In the entries below, find the line with "real symmetric $n\times" and the line with "Local Open Scope ring_scope.". Reproduce those two lines and every line between them exactly, and nothing more.

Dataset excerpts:
++++++

(* Let $A\in\mathcal{S}_n$. Then $A\in\operatorname{int}(\mathcal{C}_n)$ if and only if $\operatorname{rank}(A)=n$ and there exist $b_1\in\mathbb{R}^n_{++}$ and $\lambda>0$ such that $A-\lambda b_1b_1^T\in\mathcal{C}_n$.
   Context: $\mathcal{S}_n$: real symmetric $n\times n$ matrices. $\mathcal{C}_n=\{BB^T: B\in\mathbb{R}^{n\times m}\text{ entrywise nonnegative},\ m\ge1\}$ is the completely positive cone, with interior taken in $\mathcal{S}_n$. $\mathbb{R}^n_{++}=\{x\in\mathbb{R}^n: x>0\text{ entrywise}\}$. *)

(* Scalars: an arbitrary real closed field R (includes the reals). *)
From HB Require Import structures.
From mathcomp Require Import all_boot all_order all_algebra.
Set Implicit Arguments. Unset Strict Implicit. Unset Printing Implicit Defensive.
Import Order.TTheory GRing.Theory Num.Theory.
Local Open Scope ring_scope.

Definition symmetric_mx (R : rcfType) (n : nat) (A : 'M[R]_n) : Prop := A^T = A.

Definition nonneg_mx (R : rcfType) (n m : nat) (B : 'M[R]_(n, m)) : Prop :=
  forall i j, 0 <= B i j.

Definition completely_positive (R : rcfType) (n : nat) (A : 'M[R]_n) : Prop :=
  exists (m : nat) (B : 'M[R]_(n, m)), (0 < m)%N /\ nonneg_mx B /\ A = B *m B^T.

(* interior of C_n taken in S_n (topology of S_n given by the entrywise max norm,
   equivalent to any norm in finite dimension): A in S_n and some open
   ball in S_n around A is contained in C_n *)
Definition int_completely_positive (R : rcfType) (n : nat) (A : 'M[R]_n) : Prop :=
  symmetric_mx A /\
  exists eps : R, 0 < eps /\
    forall X : 'M[R]_n, symmetric_mx X ->
      (forall i j, `|X i j - A i j| < eps) -> completely_positive X.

++++++

Answer to this exercise:
   Context: $\mathcal{S}_n$: real symmetric $n\times n$ matrices. $\mathcal{C}_n=\{BB^T: B\in\mathbb{R}^{n\times m}\text{ entrywise nonnegative},\ m\ge1\}$ is the completely positive cone, with interior taken in $\mathcal{S}_n$. $\mathbb{R}^n_{++}=\{x\in\mathbb{R}^n: x>0\text{ entrywise}\}$. *)

(* Scalars: an arbitrary real closed field R (includes the reals). *)
From HB Require Import structures.
From mathcomp Require Import all_boot all_order all_algebra.
Set Implicit Arguments. Unset Strict Implicit. Unset Printing Implicit Defensive.
Import Order.TTheory GRing.Theory Num.Theory.
Local Open Scope ring_scope.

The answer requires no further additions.